The point is that if the devil has the ability to oppress man, and Jesus has the ability to heal them, then Jesus has power over the afflicter of man, meaning the devil. This now ties the thought of Jesus’ baptism into His anointing. At the time Jesus was baptized, it said in Luke –
“When all the people were baptized, it came to pass that Jesus also was baptized; and while He prayed, the heaven was opened. 22 And the Holy Spirit descended in bodily form like a dove upon Him, and a voice came from heaven which said, ‘You are My beloved Son; in You I am well pleased.’” Luke 3:21, 22
After that was recorded, the genealogy of Jesus, going all the way back to Adam, and then to God who created Adam, was given. Thus, it was a confirming note that this Person was to be the One to restore what was lost through the devil’s cunning, but who was promised at that time (see Genesis 3:15). Immediately following that, in Luke 4, the account of the devil tempting Christ was given as is recorded in Luke 4:1-13.
The devil could not defeat the resolve of Christ Jesus the way he had done to Adam. Christ had gained mastery over the devil and was thus able to heal those oppressed by the devil, as Peter next notes, “for God was with Him.” This is exactly what is recorded by Luke –
“Then Jesus, being filled with the Holy Spirit, returned from the Jordan and was led by the Spirit into the wilderness, 2 being tempted for forty days by the devil.” Luke 4:1, 2
God’s Holy Spirit filled Jesus, demonstrating God’s approval of Him and His being with Him. Peter is clearly revealing the interactions of the Godhead in his presentation of who Jesus is.

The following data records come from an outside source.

Lemma Mg_entry n t j : Mg n t (S j) j = RtoC (g_amp n t j).
Proof. unfold Mg. rewrite Nat.eqb_refl. reflexivity. Qed.
Lemma Mg_off n t i k : i <> S k -> Mg n t i k = C0.
Proof. intros H. unfold Mg. apply Nat.eqb_neq in H. rewrite H. reflexivity. Qed.
Lemma Me_entry n t j : Me n t j j = RtoC (e_amp n t j).
Proof. unfold Me. rewrite Nat.eqb_refl. reflexivity. Qed.
Lemma Me_off n t i k : i <> k -> Me n t i k = C0.
Proof. intros H. unfold Me. apply Nat.eqb_neq in H. rewrite H. reflexivity. Qed.
Lemma Mm_entry n t p i : Mm n t p i (S i) = Cmul (Cexpi p) (RtoC (m_amp n t (S i))).
Proof. unfold Mm. rewrite Nat.eqb_refl. reflexivity. Qed.
Lemma Mm_off n t p i k : k <> S i -> Mm n t p i k = C0.
Proof. intros H. unfold Mm. apply Nat.eqb_neq in H. rewrite H. reflexivity. Qed.

(** M_g sends H_0^K into itself since g_K = 0. *)
Lemma Mg_invariant n t i k : (k <= Ktop n)%nat -> (Ktop n < i)%nat -> Mg n t i k = C0.
Proof.
  intros Hk Hi. destruct (Nat.eq_dec i (S k)) as [->|Hne].
  - replace k with (Ktop n) by lia. rewrite Mg_entry, g_amp_top. reflexivity.
  - apply Mg_off; auto.
Qed.

Lemma sandwich_row0 K A rho i j :
  (forall k, (k <= K)%nat -> A i k = C0) -> sandwich K A rho i j = C0.
Proof.
  intros H. unfold sandwich. apply Csum_zero; intros k Hk. apply Csum_zero; intros l Hl.
  rewrite H by lia. Cring.
Qed.

Lemma sandwich_col0 K A rho i j :
  (forall l, (l <= K)%nat -> A j l = C0) -> sandwich K A rho i j = C0.
Proof.
  intros H. unfold sandwich. apply Csum_zero; intros k Hk. apply Csum_zero; intros l Hl.
  rewrite (H l) by lia. Cring.
Qed.

Lemma sandwich_point K A rho i j k0 l0 : (k0 <= K)%nat -> (l0 <= K)%nat ->
  (forall k, k <> k0 -> A i k = C0) -> (forall l, l <> l0 -> A j l = C0) ->
  sandwich K A rho i j = Cmul (A i k0) (Cmul (rho k0 l0) (Cconj (A j l0))).
Proof.
  intros Hk Hl H1 H2. unfold sandwich.
  rewrite (Csum_single _ _ k0)
    by (try lia; intros k _ Hne; apply Csum_zero; intros l _; rewrite H1 by auto; Cring).
  rewrite (Csum_single _ _ l0); [reflexivity|lia|]. intros l _ Hne. rewrite H2 by auto. Cring.
Qed.

Lemma phase_cancel p a b z :
  Cmul (Cmul (Cexpi p) (RtoC a)) (Cmul z (Cconj (Cmul (Cexpi p) (RtoC b)))) = scale (a * b) z.
Proof.
  pose proof (sin2_cos2 p) as H. unfold Rsqr in H.
  unfold Cexpi, scale. destruct z as [x y].
  apply C_ext; simpl.
  - transitivity (a * b * x * (sin p * sin p + cos p * cos p)); [ring | rewrite H; ring].
  - transitivity (a * b * y * (sin p * sin p + cos p * cos p)); [ring | rewrite H; ring].
Qed.

Lemma real_sandwich a b z : Cmul (RtoC a) (Cmul z (Cconj (RtoC b))) = scale (a * b) z.
Proof. unfold scale; Cring. Qed.

Definition gain_term (n : nat) (t : R) (rho : Op) (i j : nat) : C :=
  match i, j with
  | S i', S j' => scale (g_amp n t i' * g_amp n t j') (rho i' j')
  | _, _ => C0
  end.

Life application: The power that man needs to be free is found in Jesus. The devil already has authority over all people as is stated in Scripture. But Jesus overcame the devil, defeating Him for any and all who will simply come to Him by faith. It was in violating God’s law that the devil gained authority over man. The introduction of the Law of Moses highlights this fact. But in Christ’s fulfillment of the law, a New Covenant was introduced.
In this New Covenant, there is freedom from the imputation of sin (2 Corinthians 5:19) and the bestowal of God’s grace upon us. The Bible gives only two positions for the state of man, we are born under the authority of the devil, and we stand condemned. It is our default position. Jesus offers humanity to receive what He has done and move back to God through Him. Once that occurs, it becomes man’s new default position.
As sin is no longer imputed to those who are in Christ, the default position is set forever. The devil can never again break the bonds between God and man. This is the marvelous offer of peace and reconciliation that God presents to man. Be sure to accept this offer and then share what has occurred in you with others. Be reconciled to God through Jesus Christ our Lord today.
Lord God, thank You for Jesus. In Him, there is hope. In Him, there is reconciliation. And, in Him, there is peace and fellowship with You once again. May we never take lightly the wonderful thing You have done in the sending of Jesus. Hallelujah for Jesus Christ our Lord. Amen.